What's more, PGE has some wiggle room with its electricity rates. The average residential price per kiloWatt hour for PGE customers is 10.05 cents. The national average is 11.76 cents. In other words, PGE customers in Oregon already have far cheaper rates than customers elsewhere. That's thanks largely to the presence of Bonneville Dam, although PGE has a diverse mix of generating resources includes hydropower, coal and gas combustion, wind and solar, as well as key transmission resources. Its 13 power plants have a total combined generating capacity of 2,434 megawatts serving 52 Oregon cities and approximately 816,000 customers.

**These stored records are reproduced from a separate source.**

(* Under the same setting as the context (line-of-sight-only channel $\mathbf{h}_k=\alpha_k\mathbf{a}(\theta_k)$ with $\alpha_k\neq 0$), let $\hat\alpha\in\mathbb{C}\setminus\{0\}$ be arbitrary. Then $\phi\mapsto\gamma(\hat\alpha\,\mathbf{a}(\phi),\mathbf{F}_k,\mathbf{y}_k)$ attains its maximum over $[-\pi,\pi)$, and every maximizer $$\bar\phi^\star\in\arg\max_{\phi\in[-\pi,\pi)}\gamma(\hat\alpha\,\mathbf{a}(\phi),\mathbf{F}_k,\mathbf{y}_k)$$ satisfies $\mathbf{a}(\bar\phi^\star)=\mathbf{a}(\theta_k)$.
   Context: Let $N\ge 2$, $p_{\rm t}>0$, $\sigma^2>0$, and fix $k\in\{1,\dots,N\}$. The array response vector is $\mathbf{a}(\theta)=(1,e^{j\pi\sin\theta},\dots,e^{j\pi(N-1)\sin\theta})^{\mathsf T}\in\mathbb{C}^N$. $\mathbf{U}_N$ is the normalized DFT matrix, $\mathbf{U}_N(a,b)=\frac{1}{\sqrt N}e^{-j2\pi(a-1)(b-1)/N}$; $\mathbf{C}_N(i,k)=((i-k)\bmod N)+1$; and for $k'\in\{1,\dots,N\}$, $\mathbf{F}_{k'}$ is the matrix whose $n$-th column $\mathbf{p}_{[n,k']}$ is the $\mathbf{C}_N(n,k')$-th column of $\mathbf{U}_N$. For $n\in\{1,\dots,N\}$, $\mathbf{P}_n$ is the matrix whose $k'$-th column is $\mathbf{p}_{[n,k']}$. A symbol vector $\mathbf{s}\in\mathbb{C}^N$ with $\mathbb{E}[\mathbf{s}\mathbf{s}^{\mathsf H}]=\mathbf{I}_N$ is sent with $\mathbf{x}_n=\frac{1}{\sqrt N}\mathbf{P}_n\mathbf{s}$; device $k$ receives $\mathbf{y}_k=(y_{[1,k]},\dots,y_{[N,k]})^{\mathsf T}$ with $y_{[n,k]}=\sqrt{p_{\rm t}}\mathbf{h}_k^{\mathsf H}\mathbf{x}_n+z_{[n,k]}$, so that $\mathbf{y}_k=\sqrt{p_{\rm t}/N}\sum_{k'=1}^N\mathbf{s}(k')\mathbf{F}_{k'}^{\mathsf T}\mathbf{h}_k^{*}+\mathbf{z}_k$, where $\mathbf{z}_k$ is independent of $\mathbf{s}$, zero mean, with $\mathbb{E}[\mathbf{z}_k\mathbf{z}_k^{\mathsf H}]=\sigma^2\mathbf{I}_N$. For a candidate channel $\mathbf{h}\in\mathbb{C}^N$ with all entries nonzero, let $\tilde{\mathbf{h}}=\mathbf{1}_N\oslash(\mathbf{h}^* )$ (entrywise division), $g(\mathbf{h})=\tilde{\mathbf{h}}^{\mathsf T}\mathbf{F}_k^*\mathbf{F}_k^{\mathsf T}\mathbf{h}_k^*$, $v_{k'}(\mathbf{h})=\tilde{\mathbf{h}}^{\mathsf T}\mathbf{F}_k^*\mathbf{F}_{k'}^{\mathsf T}\mathbf{h}_k^*$, so that the combined signal $\tilde{\mathbf{h}}^{\mathsf T}\mathbf{F}_k^*\mathbf{y}_k=P+I$ with $P=\sqrt{p_{\rm t}/N}\,\mathbf{s}(k)g(\mathbf{h})$ and $I=\sqrt{p_{\rm t}/N}\sum_{k'\neq k}\mathbf{s}(k')v_{k'}(\mathbf{h})+\tilde{\mathbf{h}}^{\mathsf T}\mathbf{F}_k^*\mathbf{z}_k$. The SINR is $\gamma(\mathbf{h},\mathbf{F}_k,\mathbf{y}_k)=\mathbb{E}[|P|^2]/\mathbb{E}[|I|^2]$, expectations over $\mathbf{s}$ and $\mathbf{z}_k$. *)

From mathcomp Require Import all_boot all_order all_algebra.
From mathcomp Require Import all_classical all_reals all_analysis.
From mathcomp Require Import complex.
Set Implicit Arguments. Unset Strict Implicit. Unset Printing Implicit Defensive.
Import Order.TTheory GRing.Theory Num.Theory.
Local Open Scope ring_scope.

Section Defs.
Variable R : realType.
Local Notation C := R[i].

Definition expj (x : R) : C := Complex (cos x) (sin x).
Definition cconj (z : C) : C := Complex (complex.Re z) (- complex.Im z).
Definition sqmod (z : C) : R := complex.Re z ^+ 2 + complex.Im z ^+ 2.
Definition conj_mx m n (A : 'M[C]_(m, n)) : 'M[C]_(m, n) := map_mx cconj A.

(* array response vector a(theta), 0-indexed: entry n is e^{j pi n sin theta} *)
Definition steer (N : nat) (th : R) : 'cV[C]_N :=
  \col_(n < N) expj (pi * n%:R * sin th).

(* normalized DFT matrix U_N (0-indexed): U(a,b) = 1/sqrt N e^{-j 2 pi a b / N} *)
Definition dftU (N : nat) : 'M[C]_N :=
  \matrix_(a < N, b < N)
    (Complex (Num.sqrt (N%:R))^-1 0 * expj (- (2 * pi * (a * b)%:R / N%:R))).

Lemma cidx_proof (N : nat) (i k : 'I_N) : ((i + N - k) %% N < N)%N.
Proof. by apply: ltn_pmod; apply: leq_ltn_trans (ltn_ord i). Qed.

(* C_N(i,k) - 1 = (i - k) mod N, 0-indexed *)
Definition cidx (N : nat) (i k : 'I_N) : 'I_N := Ordinal (cidx_proof i k).

(* F_{k'}: its n-th column p_[n,k'] is the C_N(n,k')-th column of U_N *)
Definition Fmat (N : nat) (k' : 'I_N) : 'M[C]_N :=
  \matrix_(a < N, n < N) dftU N a (cidx n k').

Definition htilde (N : nat) (h : 'cV[C]_N) : 'cV[C]_N :=
  \col_(i < N) (cconj (h i 0))^-1.

Definition gval (N : nat) (k : 'I_N) (h hk : 'cV[C]_N) : C :=
  ((htilde h)^T *m conj_mx (Fmat k) *m (Fmat k)^T *m conj_mx hk) 0 0.
Definition vval (N : nat) (k k' : 'I_N) (h hk : 'cV[C]_N) : C :=
  ((htilde h)^T *m conj_mx (Fmat k) *m (Fmat k')^T *m conj_mx hk) 0 0.
Definition noise_comb (N : nat) (k : 'I_N) (h : 'cV[C]_N) : 'rV[C]_N :=
  (htilde h)^T *m conj_mx (Fmat k).

(* SINR gamma(h, F_k, y_k) = E|P|^2 / E|I|^2, with the expectations evaluated
   from the second-order statistics E[s s^H] = I_N, E[z z^H] = sigma^2 I_N,
   z zero-mean and independent of s:
   E|P|^2 = p_t/N |g|^2,
   E|I|^2 = p_t/N sum_{k'<>k} |v_k'|^2 + sigma^2 || h~^T F_k^* ||^2. *)
Definition sinr (N : nat) (pt sigma2 : R) (k : 'I_N) (h hk : 'cV[C]_N) : R :=
  (pt / N%:R * sqmod (gval k h hk)) /
  (pt / N%:R * (\sum_(k' < N | k' != k) sqmod (vval k k' h hk))
   + sigma2 * \sum_(i < N) sqmod (noise_comb k h 0 i)).

End Defs.

From mathcomp Require Import all_boot all_order all_algebra.
From mathcomp Require Import all_classical all_reals all_analysis.
From mathcomp Require Import complex.
From mathcomp Require Import ring lra.
Set Implicit Arguments. Unset Strict Implicit. Unset Printing Implicit Defensive.
Import Order.TTheory GRing.Theory Num.Theory.
Local Open Scope ring_scope.

(* The matrices F_k^* F_k'^T are diagonal, and their diagonal entries, indexed
   by (a, k'), form a DFT matrix.  Hence v_k'(h) is the DFT of the sequence
   y_a = h~_a conj(h_k,a), and Parseval gives
   |g|^2 + sum_{k' <> k} |v_k'|^2 = N sum_a |y_a|^2, while the noise term is
   sigma^2 ||h~||^2.  For h = alpha_hat a(phi) both right-hand sides are
   independent of phi, so the SINR is an increasing function of
   |g|^2 = |beta|^2 |sum_a x^a|^2, where x = e^{j pi (sin phi - sin theta_k)}.
   By the triangle inequality this is at most N^2 |beta|^2, with equality iff
   x = 1, i.e. iff a(phi) = a(theta_k); phi = asin (sin theta_k) attains it. *)

Lemma sum_prim_root_ratio (F : fieldType) (n : nat) (z : F) (a b : 'I_n) :
  n.-primitive_root z -> \sum_(i < n) (z ^+ a / z ^+ b) ^+ i = (a == b)%:R * n%:R.
Proof.
move=> prim_z; have z_neq0 : z != 0.
  by rewrite (prim_root_eq0 prim_z) -lt0n (prim_order_gt0 prim_z).
have [<-|neq_ab] := eqVneq a b.
  under eq_bigr do rewrite divff ?expf_neq0 // expr1n.
  by rewrite sumr_const card_ord mul1r.
set r := z ^+ a / z ^+ b.
have r_n : r ^+ n = 1.
  rewrite exprMn exprVn -!exprM (mulnC a) (mulnC b) !exprM (prim_expr_order prim_z).
  by rewrite !expr1n invr1 mulr1.
have r_neq1 : r != 1.
  apply: contra neq_ab => /eqP/divr1_eq/eqP.
  by rewrite (eq_prim_root_expr prim_z) !modn_small.
have := subrX1 r n; rewrite r_n subrr => /esym/eqP.
by rewrite mulf_eq0 subr_eq0 (negbTE r_neq1) mul0r => /eqP.
Qed.

Lemma norm_sum_expr_eq1 (C : numClosedFieldType) (n : nat) (x : C) :
  (1 < n)%N -> `|x| = 1 -> `|\sum_(i < n) x ^+ i| = n%:R -> x = 1.
Proof.
move=> n_gt1 x1 sum_n.
have normX (i : 'I_n) : `|x ^+ i| = 1 by rewrite normrX x1 expr1n.
have [|t _ xt] := @normC_sum_eq1 _ _ xpredT (fun i : 'I_n => x ^+ i) _ (fun i _ => normX i).
  by rewrite sum_n (eq_bigr _ (fun i _ => normX i)) sumr_const card_ord.
by rewrite -[x]expr1 (xt (Ordinal n_gt1)) // -(xt (Ordinal (ltnW n_gt1))) // expr0.
Qed.

Definition sinr_ratio (R : numFieldType) (P Q T G : R) : R := P * G / (P * (T - G) + Q).

Lemma ler_sinr_ratio (R : realFieldType) (P Q T G1 G2 : R) :
  0 < P -> 0 < Q -> 0 <= T -> G1 <= T -> G2 <= T ->
  (sinr_ratio P Q T G1 <= sinr_ratio P Q T G2) = (G1 <= G2).
Proof.
move=> P_gt0 Q_gt0 T_ge0 G1T G2T.
have den_gt0 G : G <= T -> 0 < P * (T - G) + Q.
  by move=> GT; rewrite ltr_wpDl // mulr_ge0 ?subr_ge0 // ltW.
rewrite /sinr_ratio ler_pdivrMr ?den_gt0 // mulrAC ler_pdivlMr ?den_gt0 //.
have -> : P * G1 * (P * (T - G2) + Q) = G1 * (P * (P * T + Q)) - P * P * G1 * G2 by ring.
have -> : P * G2 * (P * (T - G1) + Q) = G2 * (P * (P * T + Q)) - P * P * G1 * G2 by ring.
by rewrite lerD2r ler_pM2r // mulr_gt0 // ltr_wpDl // mulr_ge0 // ltW.
Qed.

Section ComplexExponential.
Variable R : realType.
Local Notation C := R[i].
Implicit Types (x y : R) (z : C).

Lemma cconjE z : cconj z = z^*.
Proof. by case: z. Qed.

Lemma conj_mxE m n (A : 'M[C]_(m, n)) i j : conj_mx A i j = (A i j)^*.
Proof. by rewrite mxE cconjE. Qed.

Lemma sqmodE z : (sqmod z)%:C%C = `|z| ^+ 2.
Proof. exact: add_Re2_Im2. Qed.

Lemma sqmod_gt0 z : z != 0 -> 0 < sqmod z.
Proof. by move=> z_neq0; rewrite -ltcR sqmodE exprn_gt0 ?normr_gt0. Qed.

Lemma sqmodM z1 z2 : sqmod (z1 * z2) = sqmod z1 * sqmod z2.
Proof. by apply: complexI; rewrite rmorphM /= !sqmodE normrM exprMn. Qed.

Lemma sqmod_le_sqr z x : 0 <= x -> (sqmod z <= x ^+ 2) = (`|z| <= x%:C%C).
Proof.
move=> x_ge0; rewrite -lecR sqmodE rmorphXn /=.
by rewrite ler_sqr ?nnegrE ?normr_ge0 ?ler0c.
Qed.

Lemma expjD x y : expj (x + y) = expj x * expj y.
Proof.
rewrite /expj cosD sinD; simpc.
by apply/eqP; rewrite eq_complex /=; apply/andP; split; apply/eqP; ring.
Qed.

Lemma expj0 : expj 0 = 1 :> C.
Proof. by rewrite /expj cos0 sin0. Qed.

Lemma conj_expj x : (expj x)^* = expj (- x).
Proof. by rewrite /expj cosN sinN. Qed.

The nature of electrical utilities may be also changing in a way that makes companies like PGE less of a necessity. In the United States utilities are often natural monopolies because the infrastructure required to produce electricity s very expensive to build and maintain. As a result, they are often government monopolies, or if privately owned, the sectors are specially regulated by a public utilities commission. But developments in technology have eroded some of the natural monopoly aspects of traditional public utilities. More than ever, people are generating their own power via solar panels, wind turbines and other methods.
As it happens, PGE's threat to operate Boardman until 2040 if the DEQ doesn't accept its 2020 plan may be a bluff. To do this, PGE needs approval from Oregon’s Public Utilities Commission. And the commission would certainly understand operating Boardman until 2040 would mean gambling that at no point in the next thirty years will federal carbon regulations make operating a coal plant uneconomical. There could also be a state law or ballot initiative mandating the Boardman Plant’s closure.
But again, how have we ever arrived at this point? PGE is a hybrid entity - part private corporation, part public utility. Because of this setup, acting like a greedy corporation only looking out for shareholder profits is not acceptable behavior.
I began this post with a quote from PGE: "Our customers’ values power the way we operate." If that's the case, Portland General has only heard from customers seeking the cheapest possible power regardless of environmental consequences. That doesn't sound like Oregon values to me. It sounds like PGE may stand for "Prohibitively Gouging the Environment."
UPDATE, 9/2/10: The Associated Press is reporting that Greenpeace International has formally asked Facebook to abandon plans to buy electricity for its new data center near Prineville. The supplying party this time is PacifiCorp, which derives (depending on who issues the figures) 58 to 83 percent of its electricity from coal. How cheap does this power seem now, when it can act as a detriment to investing in Oregon?